One of John Calipari’s most talented players has a son that’s making a name for himself on the recruiting trail.
Dajaun Wagner Jr. is only beginning his freshman year of high school this fall, but this weekend he stood out amongst a crowd of older players at USA Basketball minicamp in Colorado Springs. The son of Calipari’s first star at Memphis, Dajuan Wagner Sr. spoke to Evan Daniels about Junior’s game.
“He isn’t scared of anything.
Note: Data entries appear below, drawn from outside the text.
(* Let $0<d<\pi/2$, $\mathscr{D}_d=\{\zeta\in\mathbb{C}:|\Im\zeta|<d\}$, $\mathscr{D}_d^{-}=\{\zeta\in\mathscr{D}_d:\Re\zeta<0\}$, $\mathscr{D}_d^{+}=\{\zeta\in\mathscr{D}_d:\Re\zeta\ge0\}$, and $\psi(t)=\sinh[(\pi/2)\sinh t]$. Assume $f$ is analytic on $\psi(\mathscr{D}_d)$ and there are constants $K,\alpha,\beta>0$ with $|f(z)|\le K|1+z^2|^{-(\alpha+1)/2}$ for $z\in\psi(\mathscr{D}_d^-)$ and $|f(z)|\le K|1+z^2|^{-(\beta+1)/2}$ for $z\in\psi(\mathscr{D}_d^+)$. Let $\mu=\min\{\alpha,\beta\}$, $\nu=\max\{\alpha,\beta\}$. Then $F(\zeta)=f(\psi(\zeta))\psi'(\zeta)$ belongs to $\mathbf{L}^{\mathrm{DE}}_{L,R,\alpha,\beta}(\mathscr{D}_d)$ with $L=2^{\nu}K/\{\cos(\frac\pi2\sin d)\}^{(\nu-\mu)/2}$ and $R=2^{\nu}K$.
   Context: For positive $L,R,\alpha,\beta$ and $0<d<\pi/2$, $\mathbf{L}^{\mathrm{DE}}_{L,R,\alpha,\beta}(\mathscr{D}_d)$ is the set of functions $F$ analytic on $\mathscr{D}_d$ such that for all $\zeta\in\mathscr{D}_d$, $|F(\zeta)|\le\frac{(\pi/2)L|\cosh\zeta|}{|1+e^{-\pi\sinh\zeta}|^{\alpha/2}|1+e^{\pi\sinh\zeta}|^{\beta/2}}$, and for all $x\in\mathbb{R}$, $|F(x)|\le\frac{(\pi/2)R\cosh x}{(1+e^{-\pi\sinh x})^{\alpha/2}(1+e^{\pi\sinh x})^{\beta/2}}$. *)

From Stdlib Require Import Reals.
From Coquelicot Require Import Coquelicot.
Open Scope R_scope.

Definition Cexp (z : C) : C :=
  (exp (Re z) * cos (Im z), exp (Re z) * sin (Im z)).
Definition Csinh (z : C) : C := ((Cexp z - Cexp (- z)) / 2)%C.
Definition Ccosh (z : C) : C := ((Cexp z + Cexp (- z)) / 2)%C.

Definition strip (d : R) (z : C) : Prop := Rabs (Im z) < d.

Definition analytic_on (S : C -> Prop) (F : C -> C) : Prop :=
  forall z, S z -> @ex_derive C_AbsRing C_NormedModule F z.

Definition psi (t : C) : C := Csinh (RtoC (PI / 2) * Csinh t)%C.
(* its derivative psi'(t) = (pi/2) cosh t cosh((pi/2) sinh t) *)
Definition dpsi (t : C) : C :=
  (RtoC (PI / 2) * Ccosh t * Ccosh (RtoC (PI / 2) * Csinh t))%C.

Definition LDE (L Rr alpha beta d : R) (F : C -> C) : Prop :=
  analytic_on (strip d) F /\
  (forall z : C, strip d z ->
     Cmod (F z) <=
       (PI / 2) * L * Cmod (Ccosh z) /
       (Rpower (Cmod (1 + Cexp (RtoC (- PI) * Csinh z)))%C (alpha / 2) *
        Rpower (Cmod (1 + Cexp (RtoC PI * Csinh z)))%C (beta / 2))) /\
  (forall x : R,
     Cmod (F (RtoC x)) <=
       (PI / 2) * Rr * cosh x /
       (Rpower (1 + exp (- PI * sinh x)) (alpha / 2) *
        Rpower (1 + exp (PI * sinh x)) (beta / 2))).

From Stdlib Require Import Reals Lra Psatz Machin.
From Coquelicot Require Import Coquelicot.
Open Scope R_scope.

(* Put [w = (PI/2) sinh z].  Then [1 + psi^2 = cosh^2 w], [|psi'| = (PI/2) |cosh z| |cosh w|]
   and [4 |cosh w|^2 = |1 + e^(-PI sinh z)| |1 + e^(PI sinh z)|], so for [Re z < 0] the
   hypothesis on [f] gives [|F z| <= (PI/2) K |cosh z| 2^alpha |1 + e^(-PI sinh z)|^(-alpha/2)
   |1 + e^(PI sinh z)|^(-alpha/2)].  It remains to trade the exponent [alpha] of the second
   factor for [beta], which only needs [cos((PI/2) sin d) <= |1 + e^(PI sinh z)| <= 2] on the
   left half of the strip.  Writing [e^(PI sinh z) = r e^(iQ)] with [r <= 1], either [|Q|] is
   at most [PI/2 + a] with [a = (PI/2) |sin(Im z)|], or [r <= 1 - cos a]; both give the lower
   bound [cos a].  The right half of the strip follows by the symmetry [z -> -z]. *)

Lemma PI_bounds : 3.14 < PI < 3.15.
Proof.
  destruct (PI_2_3_7_ineq 2) as [Hlo Hhi].
  unfold sum_f_R0, tg_alt, PI_2_3_7_tg, Ratan_seq in Hlo, Hhi; simpl in Hlo, Hhi.
  lra.
Qed.

Lemma exp_le_exp_compat x y : x <= y -> exp x <= exp y.
Proof.
  intros [Hlt | ->]; [left; apply exp_increasing, Hlt | right; reflexivity].
Qed.

Lemma exp_mul_exp_opp x : exp x * exp (- x) = 1.
Proof. rewrite <- exp_plus, Rplus_opp_r; apply exp_0. Qed.

Lemma Cexp_add u v : Cexp (u + v) = (Cexp u * Cexp v)%C.
Proof.
  destruct u as [x y], v as [x' y']; unfold Cexp; simpl.
  rewrite exp_plus, cos_plus, sin_plus; unfold Cmult; simpl; f_equal; ring.
Qed.

Lemma Cexp_mul_opp z : (Cexp z * Cexp (- z) = 1)%C.
Proof.
  destruct z as [x y]; unfold Cexp; simpl.
  rewrite cos_neg, sin_neg.
  pose proof (exp_mul_exp_opp x) as Hexp; pose proof (sin2_cos2 y) as Hsc.
  unfold Rsqr in Hsc; unfold Cmult; simpl.
  apply injective_projections; simpl; nra.
Qed.

Lemma Cmod_Cexp z : Cmod (Cexp z) = exp (Re z).
Proof.
  destruct z as [x y]; unfold Cmod, Cexp, Re, Im; simpl.
  replace ((exp x * cos y) * ((exp x * cos y) * 1) + (exp x * sin y) * ((exp x * sin y) * 1))
    with (exp x ^ 2) by (pose proof (sin2_cos2 y); unfold Rsqr in *; simpl; nra).
  apply sqrt_pow2; left; apply exp_pos.
Qed.

Lemma Cmod_le_Rabs_add z : Cmod z <= Rabs (Re z) + Rabs (Im z).
Proof.
  destruct z as [x y]; unfold Cmod, Re, Im; simpl.
  pose proof (Rabs_pos x); pose proof (Rabs_pos y).
  rewrite <- (sqrt_pow2 (Rabs x + Rabs y)) by lra.
  apply sqrt_le_1_alt; pose proof (pow2_abs x); pose proof (pow2_abs y); simpl in *; nra.
Qed.

Lemma exp_taylor1_le a : Rabs a <= 1/2 -> Rabs (exp a - 1 - a) <= 2 * a ^ 2.
Proof.
  intros Ha; apply Rabs_le_between in Ha.
  pose proof (exp_ineq1_le a); pose proof (exp_ineq1_le (- a)).
  pose proof (exp_mul_exp_opp a); pose proof (exp_pos a).
  assert (exp a * (1 - a) <= 1) by nra.
  apply Rabs_le; split; nra.
Qed.

Lemma cos_taylor1_le b : Rabs b <= 1/2 -> 0 <= 1 - cos b <= b ^ 2 / 2.
Proof.
  intros Hb; apply Rabs_le_between in Hb; pose proof PI_bounds.
  destruct (cos_bound b 0) as [Hlo _]; try lra.
  unfold cos_approx, cos_term in Hlo; simpl in Hlo.
  pose proof (COS_bound b); split; [lra|].
  unfold Rdiv in *; simpl in *; nra.
Qed.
He makes himself comfortable in any type of environment, older kids, younger kids, he just loves doing it,” Wagner Sr. said. “From day one, I try to teach him like a pro, like change of pace when he plays with his age because it will be a little bit harder when he plays up.”
A member of the class of 2023, Dajuan Wagner Jr. will not be making a decision anytime soon. When that inevitably happens and he is one of the most sought after recruits in college basketball, there are a few connections to consider.
1. Wagner’s Importance to Calipari’s Career
When Calipari finally retires, Wagner Sr. will likely be the most impactful player he ever coached.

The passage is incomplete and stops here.